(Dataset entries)
::::
Lemma min_transversals_large S :
  r <= #|S| -> min_transversals S \subset [set S].
Proof.
move=> leRS; apply/subsetP=> G; rewrite !inE => /and4P[/eqP cG sSG _ _].
by rewrite eq_sym eqEcard sSG cG.
Qed.

Lemma min_transversals_transversal S :
  transversal S -> min_transversals S \subset [set S].
Proof.
move=> tS; apply/subsetP=> G; rewrite !inE => /and4P[_ sSG _ irrG].
rewrite eqEsubset sSG andbT; apply/subsetP=> z zG; apply: contraNT irrG => zS.
apply/existsP; exists z; rewrite zG (transversalS _ tS) //.
by apply/subsetP=> w wS; rewrite !inE (subsetP sSG) // andbT; apply: contraNneq zS => <-.
Qed.

Lemma card_min_transversals S k :
  0 < r -> {in F, forall B : {set 'I_n}, #|B| <= r} ->
  r <= #|S| + k -> #|min_transversals S| <= r ^ k.
Proof.
move=> r_gt0 cF; elim: k S => [|k IH] S leRS.
  apply: leq_trans (subset_leq_card (min_transversals_large _)) _.
    by rewrite -[#|S|]addn0.
  by rewrite cards1.
have [tS|/forallPn[B]] := boolP (transversal S).
  apply: leq_trans (subset_leq_card (min_transversals_transversal tS)) _.
  by rewrite cards1 expn_gt0 r_gt0.
rewrite negb_imply negbK => /andP[BF /eqP BS0].
have sub : min_transversals S \subset \bigcup_(b in B) min_transversals (b |: S).
  apply/subsetP=> G; rewrite inE => /and4P[cG sSG tG irrG].
  have /set0Pn[b] := implyP (forallP tG B) BF; rewrite inE => /andP[bB bG].
  by apply/bigcupP; exists b; rewrite // inE cG tG irrG subUset sub1set bG sSG.
apply: leq_trans (subset_leq_card sub) _; apply: leq_trans (card_bigcup_le _ _) _.
apply: leq_trans (_ : \sum_(b in B) r ^ k <= _); last first.
  by rewrite sum_nat_const expnS leq_mul // cF.
apply: leq_sum => b bB; apply: IH.
have bS : b \notin S by apply/negP=> bS; have := in_set0 b; rewrite -BS0 inE bB bS.
by rewrite cardsU1 bS; lia.
Qed.
End Transversals.

Section Degrees.
Variables (n : nat) (F : {set {set 'I_n}}).
Implicit Types (x y : 'I_n).

Lemma deg_le_card x : deg F x <= #|F|.
Proof. by apply/subset_leq_card/subsetP=> A; rewrite inE => /andP[]. Qed.

Lemma deg_gt0 x : covers F -> 0 < deg F x.
Proof.
move=> /eqP covF; have : x \in \bigcup_(A in F) A by rewrite covF inE.
by case/bigcupP=> A AF xA; apply/card_gt0P; exists A; rewrite inE AF xA.
Qed.
Lemma filling_inv_is_tab S : filling_inv N S -> is_tab k S.
Proof.
move=> HI.
have Hfree0 : free S = 0.
  by have := inv_free HI; rewrite -dyck_size take_size dyck_sum; case.
have Hstarts : starts N = n by rewrite /starts -dyck_size take_size count_up_dyck.
split; first exact: (inv_size HI).
- move=> j Hj.
  have Hne : col S j != [::] by rewrite (inv_started HI Hj) Hstarts.
  have : free_cells j (col S j) == 0.
    by move: Hfree0; rewrite /free (bigD1 (Ordinal Hj)) //= => /eqP; rewrite addn_eq0 => /andP [].
  rewrite /free_cells (negbTE Hne) subn_eq0 => H.
  by apply/eqP; rewrite eqn_leq H (inv_len HI Hj).
- exact: (inv_perm HI).
- split; [move=> j _; exact: (inv_sorted HI) | exact: (inv_rows HI) |].
  move=> j r Hj Hr j' r1 r2 Hj' Hr1 Hr2 [H1 H2 H3].
  exact: (inv_pattern HI Hr (mem_nth 0 Hr1) (mem_nth 0 Hr2) H1 H2 H3).
Qed.

Lemma fillT_is_tab : is_tab k (fillT k D).
Proof. exact: filling_inv_is_tab filling_inv_fillT. Qed.

End DyckWord.

Lemma fillT_inj D1 D2 : is_dyck k D1 -> is_dyck k D2 -> fillT k D1 = fillT k D2 -> D1 = D2.
Proof.
move=> H1 H2 E.
have I1 := filling_inv_fillT H1; have I2 := filling_inv_fillT H2.
case: (H1) => S1 F1 V1 _; case: (H2) => S2 F2 V2 _.
apply: (dyck_eq_from_signs F1 F2 V1 V2).
apply: (@eq_from_nth _ false); first by rewrite !size_map S1 S2.
move=> i; rewrite size_map S1 => Hi.
rewrite !(nth_map (0 : int)) ?S1 ?S2 //.
have Hx : 0 < i.+1 <= N by [].
by rewrite -(inv_tops I1 Hx) -(inv_tops I2 Hx) E.
Qed.

Section Tableau.
Hypothesis kpos : all (fun x => 0 < x) k.
Variable T : seq (seq nat).
Hypothesis HT : is_tab k T.

Lemma kpos_nth j : j < n -> 0 < nth 0 k j.
Proof. by move=> Hj; move/(all_nthP 0): kpos; apply. Qed.

Lemma tab_size : size T = n. Proof. by case: HT. Qed.

Lemma tab_col_size j : j < n -> size (col T j) = (nth 0 k j).+1.
Proof. by case: HT => _ H _ _; apply: H. Qed.

Lemma tab_col_out j : n <= j -> col T j = [::].
Proof. by move=> Hj; rewrite /col nth_default // tab_size. Qed.

Lemma tab_sorted j : sorted ltn (col T j).
Proof.
case: HT => _ _ _ [H _ _]; case: (ltnP j n) => Hj; first exact: H.
by rewrite tab_col_out.
Qed.

Lemma tab_rows : rows_increase T.
Proof. by case: HT => _ _ _ []. Qed.

Lemma tab_pattern : avoids_pattern T.
Proof.
move=> j r Hr j' b c Hb Hc H1 H2 H3.
have Hj : j < n by case: (ltnP j n) => // Hj; move: Hr; rewrite tab_col_out.
have Hj' : j' < n by case: (ltnP j' n) => // Hj'; move: Hb; rewrite tab_col_out.
case/(nthP 0): Hb => r1 Hr1 E1; case/(nthP 0): Hc => r2 Hr2 E2.
case: HT => _ _ _ [_ _ H]; apply: (H j r Hj Hr j' r1 r2 Hj' Hr1 Hr2).
by rewrite E1 E2.
Qed.

Lemma tab_mem j x : x \in col T j -> 0 < x <= N.
Proof.
case: HT => _ _ Hperm _ /mem_flatten_nth.
by rewrite (perm_mem Hperm) mem_iota add1n ltnS.
Qed.

Lemma tab_col_inj j j' x : x \in col T j -> x \in col T j' -> j = j'.
Proof.
by case: HT => _ _ Hperm _; apply: uniq_flatten_nth_inj; rewrite (perm_uniq Hperm) iota_uniq.
Qed.

Lemma tab_exists x : 0 < x <= N -> exists2 j, j < n & x \in col T j.
Proof.
case: HT => _ _ Hperm _ Hx.
have : x \in flatten T by rewrite (perm_mem Hperm) mem_iota add1n ltnS.
case/flattenP => s /(nthP [::]) [j Hj Ej] Hxs.
by exists j; [rewrite -tab_size | rewrite /col Ej].
Qed.

Lemma head_tab_mem j : j < n -> head 0 (col T j) \in col T j.
Proof. by move/tab_col_size; case: (col T j) => //= a s _; rewrite mem_head. Qed.

Definition trunc m := map (filter (fun x => x <= m)) T.

Lemma col_trunc m j : col (trunc m) j = [seq x <- col T j | x <= m].
Proof.
rewrite /col /trunc; case: (ltnP j (size T)) => Hj; first by rewrite (nth_map [::]).
by rewrite !nth_default ?size_map.
Qed.

Lemma size_trunc m : size (trunc m) = n.
Proof. by rewrite size_map tab_size. Qed.

Lemma trunc_succ m j : j < n -> m.+1 \in col T j -> trunc m.+1 = push (trunc m) j m.+1.
Proof.
move=> Hj Hm; apply: (@eq_from_nth _ [::]); first by rewrite size_push ?size_trunc.
move=> i _; change (col (trunc m.+1) i = col (push (trunc m) j m.+1) i).
rewrite col_push !col_trunc; case: (eqVneq i j) => [->|Hij].
  exact: filter_leq_succ_sorted (tab_sorted j) Hm.
apply: filter_leq_succ_notin; apply/negP => Hin.
by move: Hij; rewrite (tab_col_inj Hin Hm) eqxx.
Qed.

Lemma trunc0 : trunc 0 = nseq n [::].
Proof.
apply: (@eq_from_nth _ [::]); first by rewrite size_trunc size_nseq.
move=> i _; change (col (trunc 0) i = col (nseq n [::]) i).
rewrite col_nseq_nil col_trunc -(filter_pred0 (col T i)).
by apply: eq_in_filter => y /tab_mem; case: y.
Qed.

Lemma truncN : trunc N = T.
Proof.
rewrite /trunc map_id_in // => c /(nthP [::]) [j Hj Ej].
apply/all_filterP/allP => x Hx.
by have /tab_mem /andP [] : x \in col T j by rewrite /col Ej.
Qed.

Definition top_col x := find (fun c : seq nat => head 0 c == x) T.

Definition dyck_of_tab : seq int :=
  [seq if top_col x < n then Posz (nth 0 k (top_col x)) else (-1)%R | x <- iota 1 N].

Lemma size_dyck_of_tab : size dyck_of_tab = N.
Proof. by rewrite size_map size_iota. Qed.

Lemma top_col_head x j : j < n -> head 0 (col T j) = x -> top_col x = j.
Proof.
move=> Hj Hh.
have Hhas : has (fun c : seq nat => head 0 c == x) T.
  by apply/(has_nthP [::]); exists j; rewrite ?tab_size // -/(col T j) Hh.
have Hlt : top_col x < n by rewrite -tab_size /top_col -has_find.
apply: (@tab_col_inj _ _ x); last by rewrite -Hh; exact: head_tab_mem.
by move: (head_tab_mem Hlt); rewrite /col /top_col (eqP (nth_find [::] Hhas)).
Qed.

Lemma nth_dyck_of_tab m : m < N -> nth (0 : int) dyck_of_tab m =
  if top_col m.+1 < n then Posz (nth 0 k (top_col m.+1)) else (-1)%R.
Proof. by move=> Hm; rewrite (nth_map 0) ?size_iota // nth_iota // add1n. Qed.

Lemma dyck_of_tab_top m j : m < N -> j < n -> head 0 (col T j) = m.+1 ->
  nth (0 : int) dyck_of_tab m = Posz (nth 0 k j).
Proof. by move=> Hm Hj Hh; rewrite nth_dyck_of_tab // (top_col_head Hj Hh) Hj. Qed.

Lemma dyck_of_tab_nontop m j : m < N -> m.+1 \in col T j -> head 0 (col T j) != m.+1 ->
  nth (0 : int) dyck_of_tab m = (-1)%R.
Proof.
move=> Hm Hin Hh; rewrite nth_dyck_of_tab // -tab_size /top_col -has_find.
case: hasP => // [[c Hc /eqP Hh']].
case/(nthP [::]): Hc => j' Hj' Ec; rewrite tab_size in Hj'.
have Hhj' : head 0 (col T j') = m.+1 by rewrite /col Ec.
have Ej : j' = j by apply: tab_col_inj Hin; rewrite -Hhj'; exact: head_tab_mem.
by move: Hh; rewrite -Ej Hhj' eqxx.
Qed.

Lemma trunc_open m j : j < n -> head 0 (col T j) = m.+1 ->
  col (trunc m) j = [::] /\ forall j', j' < j -> col (trunc m) j' != [::].
Proof.
move=> Hj Hh; split.
  rewrite col_trunc -(filter_pred0 (col T j)); apply: eq_in_filter => y Hy /=.
  by apply/negbTE; rewrite -ltnNge -Hh; exact: sorted_ltn_head_leq (tab_sorted j) Hy.
move=> j' Hj'; have Hj'n : j' < n := ltn_trans Hj' Hj.
have Hr : head 0 (col T j') < m.+1.
  by rewrite -Hh -!nth0; apply: tab_rows; rewrite ?tab_col_size.
rewrite col_trunc -size_eq0 size_filter -lt0n -has_count; apply/hasP.
by exists (head 0 (col T j')); [exact: head_tab_mem | rewrite -ltnS].
Qed.

Lemma trunc_active m j : j < n -> m.+1 \in col T j -> head 0 (col T j) != m.+1 ->
  active k (trunc m) j.
Proof.
move=> Hj Hin Hh.
have Hhm : head 0 (col T j) <= m.
  by have := sorted_ltn_head_leq (tab_sorted j) Hin; rewrite leq_eqVlt (negbTE Hh) ltnS.
rewrite /active col_trunc size_filter -(tab_col_size Hj); apply/andP; split.
  by rewrite -has_count; apply/hasP; exists (head 0 (col T j)); first exact: head_tab_mem.
have : 0 < count (predC (fun x => x <= m)) (col T j).
  by rewrite -has_count; apply/hasP; exists m.+1 => //=; rewrite ltnn.
by have := count_predC (fun x => x <= m) (col T j); lia.
Qed.

Lemma trunc_min_active m j p : j < n -> m.+1 \in col T j -> active k (trunc m) j ->
  p < n -> active k (trunc m) p ->
  bottom (col (trunc m) p) <= bottom (col (trunc m) j) -> p = j.
Proof.
move=> Hj Hin Hactj Hp Hactp Hmin; apply/eqP; apply: contraT => Hpj.
set cp := col T p; set s := count (fun x => x <= m) cp.
have [Hs0 Hs] : 0 < s /\ s < size cp.
  by move: Hactp; rewrite /active col_trunc size_filter -(tab_col_size Hp) => /andP [].
have Hs1 : s.-1 < s by rewrite prednK.
have Ha : bottom (col (trunc m) p) = nth 0 cp s.-1.
  rewrite col_trunc filter_leq_sorted ?tab_sorted // /bottom -nth_last.
  by rewrite size_take Hs nth_take.
have Hd : m < nth 0 cp s by apply: sorted_nth_count_leq; rewrite ?tab_sorted.
have Hdm : nth 0 cp s != m.+1.
  apply/eqP => E; move: Hpj; have : m.+1 \in cp by rewrite -E mem_nth.
  by move/tab_col_inj/(_ Hin) ->; rewrite eqxx.
set b := bottom (col (trunc m) j) in Hmin.
have : b \in col (trunc m) j.
  by case/andP: Hactj; rewrite /b; case: (col (trunc m) j) => //= b0 bs _ _; exact: mem_last.
rewrite col_trunc mem_filter => /andP [Hbm Hb].
have Hab : nth 0 cp s.-1 != b.
  apply/eqP => E; move: Hpj; have : b \in cp by rewrite -E mem_nth // (ltn_trans Hs1 Hs).
  by move/tab_col_inj/(_ Hb) ->; rewrite eqxx.
exfalso; apply: (tab_pattern (_ : s.-1.+1 < size cp) Hb Hin).
- by rewrite prednK.
- by rewrite ltn_neqAle Hab -Ha.
- by rewrite ltnS.
- by rewrite prednK // ltn_neqAle eq_sym Hdm.
Qed.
::::
What you will do: The stretch of entries above that starts with the line containing "bottom (col (trunc m) p) <= bottom" and goes on through the line containing "rewrite col_trunc filter_leq_sorted" is to be transcribed exactly, and no other line is to be transcribed.

Result for this task:
  bottom (col (trunc m) p) <= bottom (col (trunc m) j) -> p = j.
Proof.
move=> Hj Hin Hactj Hp Hactp Hmin; apply/eqP; apply: contraT => Hpj.
set cp := col T p; set s := count (fun x => x <= m) cp.
have [Hs0 Hs] : 0 < s /\ s < size cp.
  by move: Hactp; rewrite /active col_trunc size_filter -(tab_col_size Hp) => /andP [].
have Hs1 : s.-1 < s by rewrite prednK.
have Ha : bottom (col (trunc m) p) = nth 0 cp s.-1.
  rewrite col_trunc filter_leq_sorted ?tab_sorted // /bottom -nth_last.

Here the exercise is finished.